Pour certains, cette domination a un prix. Audrey Dana regrette parfois un manque de folie et appelle à des créations originales françaises "moins 'algorithmées'". Comme si "on nous proposait finalement toujours la même chose", embraye Grégory Levasseur. Un constat à tempérer selon Chloé Delaporte, car la plateforme applique les codes qui accompagnent le cinéma depuis ses débuts.

"Netflix veut assurer les profits et doit trouver un équilibre entre la répétition, les licences, les suites, mais aussi les innovations. Pour un leader du secteur, répéter ce qui a déjà eu du succès est une formule qui fonctionne très bien."

Chloé Delaporte, enseignante-chercheuse en socio-économie du cinéma

à franceinfo

En revanche, Netflix sait imposer sa formule, celle de l'efficacité. "La règle en général, c’est qu’il n’y a pas d’acte 1, détaillent Nicolas Slomka et Matthieu Rumani. Il faut être dans l’action dès le début." Car la plateforme sait au bout de combien de temps – parfois quelques secondes – le spectateur se fait une idée sur un contenu et s’il va rester. Elle va jusqu'à dispenser des formations à ses scénaristes, qui passent plusieurs jours avec un showrunner américain. "Ça uniformise peut-être le style, mais pas les genres abordés", défendent les deux scénaristes.

Dix ans après son arrivée, Netflix est "en place", comme l'acteur Jean-Pascal Zadi, tête d'affiche de la série éponyme.
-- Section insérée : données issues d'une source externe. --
(* Let $A$ be a T-brace and suppose that the torsion subgroup of the additive group of $\zeta(\star,A)$ is a $p$-group for some prime $p$. Suppose that the additive group of $\zeta_2(\star,A)$ is not periodic. If $a,b\in\zeta_2(\star,A)$ with $a\star a\neq 0$ and $b\star b\neq 0$, then $\langle a\star a\rangle\cap\langle b\star b\rangle\neq 0$, and in this case $\langle a\star a\rangle=\langle b\star b\rangle$. Here $\langle x\rangle$ denotes the cyclic subgroup of $(A,+)$ generated by $x$.
   Context: A (left) brace is a set $A$ with two operations $+$ and $\cdot$ such that $(A,+)$ is an abelian group, $(A,\cdot)$ is a group, and $a(b+c)=ab+ac-a$ for all $a,b,c\in A$. Put $a\star b=ab-a-b$. A subbrace is a subset which is a subgroup of both $(A,+)$ and $(A,\cdot)$; a subbrace $L$ is an ideal if $a\star z, z\star a\in L$ for all $a\in A$, $z\in L$, and then the quotient brace $A/L$ is defined. $A$ is a T-brace if whenever $I$ is an ideal of $J$ and $J$ is an ideal of $A$, then $I$ is an ideal of $A$. The $\star$-center is $\zeta(\star,A)=\{a: a\star x=x\star a=0\ \forall x\}$; $\zeta_2(\star,A)$ is given by $\zeta_2(\star,A)/\zeta(\star,A)=\zeta(\star,A/\zeta(\star,A))$. *)

From mathcomp Require Import all_boot all_order all_algebra.
Set Implicit Arguments. Unset Strict Implicit. Unset Printing Implicit Defensive.
Import GRing.Theory.
Local Open Scope ring_scope.

Definition is_brace (A : zmodType) (mul : A -> A -> A) (one : A)
    (inv : A -> A) : Prop :=
  [/\ associative mul, left_id one mul, right_id one mul,
      (forall a, mul (inv a) a = one /\ mul a (inv a) = one)
    & (forall a b c, mul a (b + c) = mul a b + mul a c - a)].

Definition bstar (A : zmodType) (mul : A -> A -> A) (a b : A) : A :=
  mul a b - a - b.

Definition subbrace (A : zmodType) (mul : A -> A -> A) (one : A)
    (inv : A -> A) (L : A -> Prop) : Prop :=
  [/\ L 0, (forall x y, L x -> L y -> L (x - y)),
      L one, (forall x y, L x -> L y -> L (mul x y))
    & (forall x, L x -> L (inv x))].

Definition ideal_of (A : zmodType) (mul : A -> A -> A) (one : A)
    (inv : A -> A) (J I : A -> Prop) : Prop :=
  [/\ subbrace mul one inv I, (forall x, I x -> J x)
    & (forall a z, J a -> I z -> I (bstar mul a z) /\ I (bstar mul z a))].

Definition ideal (A : zmodType) (mul : A -> A -> A) (one : A)
    (inv : A -> A) (I : A -> Prop) : Prop :=
  ideal_of mul one inv (fun _ => True) I.

Definition T_brace (A : zmodType) (mul : A -> A -> A) (one : A)
    (inv : A -> A) : Prop :=
  forall I J : A -> Prop,
    subbrace mul one inv J ->
    ideal_of mul one inv J I -> ideal mul one inv J -> ideal mul one inv I.

Definition star_center (A : zmodType) (mul : A -> A -> A) (a : A) : Prop :=
  forall x, bstar mul a x = 0 /\ bstar mul x a = 0.

(* zeta_2(star, A): preimage of zeta(star, A/zeta(star,A)); since the star
   operation of the quotient is induced, this is the set of a with
   a * x, x * a in zeta(star,A) for all x. *)
Definition star_center2 (A : zmodType) (mul : A -> A -> A) (a : A) : Prop :=
  forall x, star_center mul (bstar mul a x) /\ star_center mul (bstar mul x a).

Definition cyc (A : zmodType) (x : A) (y : A) : Prop :=
  exists k : int, y = x *~ k.

Definition add_torsion (A : zmodType) (x : A) : Prop :=
  exists n : nat, (0 < n)%N /\ x *+ n = 0.

From mathcomp Require Import all_boot all_algebra.
From Stdlib Require Import Classical.
Set Implicit Arguments. Unset Strict Implicit. Unset Printing Implicit Defensive.
Import GRing.Theory.
Local Open Scope ring_scope.

(* For [c] in zeta_2, the T-brace property applied to the ideal [<c> + <c * c>]
   of the ideal [<c> + zeta(star, A)] puts every [x * c] and [c * x] into
   [<c> + <c * c>].  A non-periodic element of zeta_2 allows one to get rid of
   the [<c>]-component, so all star products with [c] lie in [<c * c>]; for
   [c *~ p] this forces [p (c * c) = 0].  Comparing [a * b], [b * a]
   and [(a + b) * (a + b)] then shows that nonzero squares generate the same
   cyclic group. *)

(** * Integer multiples and cyclic subgroups *)

Section IntMultiples.
Variable A : zmodType.
Implicit Types (x y z c e q s : A) (k n : int).

Lemma mulrz_closed (P : A -> Prop) :
  P 0 -> (forall x y, P x -> P y -> P (x - y)) -> forall x k, P x -> P (x *~ k).
Proof.
move=> P0 PB; have PN x : P x -> P (- x) by move=> Px; rewrite -sub0r; apply: PB.
have PMn x m : P x -> P (x *+ m).
  move=> Px; elim: m => [|m IHm]; first by rewrite mulr0n.
  by rewrite mulrS -[x *+ m]opprK; apply/PB/PN.
by move=> x [m|m] Px; rewrite ?NegzE ?mulrNz -pmulrn; [apply: PMn | apply/PN/PMn].
Qed.

Lemma mulrz_morph_in (B : zmodType) (P : A -> Prop) (f : A -> B) :
  P 0 -> (forall x y, P x -> P y -> P (x - y)) ->
  (forall x y, P x -> P y -> f (x - y) = f x - f y) ->
  forall x k, P x -> f (x *~ k) = f x *~ k.
Proof.
move=> P0 PB fB; have PN x : P x -> P (- x) by move=> Px; rewrite -sub0r; apply: PB.
have f0 : f 0 = 0 by rewrite -(subrr 0) fB // subrr.
have fN x : P x -> f (- x) = - f x by move=> Px; rewrite -sub0r fB // f0 sub0r.
have fMn x m : P x -> f (x *+ m) = f x *+ m.
  move=> Px; elim: m => [|m IHm]; first by rewrite !mulr0n.
  have Pm : P (x *+ m) by rewrite pmulrn; apply: mulrz_closed.
  by rewrite !mulrS -[x *+ m]opprK fB ?fN ?opprK ?IHm //; apply: PN.
by move=> x [m|m] Px; rewrite ?NegzE ?mulrNz -!pmulrn ?fN ?fMn //;
  rewrite pmulrn; apply: mulrz_closed.
Qed.

Lemma mulrz_eq0_add_torsion x k : x *~ k = 0 -> k != 0 -> add_torsion x.
Proof.
move=> xk0 k_neq0; exists `|k|%N; rewrite absz_gt0; split=> //.
case: k xk0 {k_neq0} => m /=; first by rewrite pmulrn.
by rewrite NegzE mulrNz -pmulrn => /eqP; rewrite oppr_eq0 => /eqP.
Qed.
Capable de s'offrir les plus grandes stars de la planète, la plateforme ne devrait pas changer sa stratégie "glocale" (globale et locale), qui a fait ses preuves. Mais elle navigue désormais dans un marché de plus en plus concurrentiel. "Ils ont ouvert le livre, résument Nicolas Slomka et Matthieu Rumani, mais les autres ont aussi envie d’écrire leur chapitre."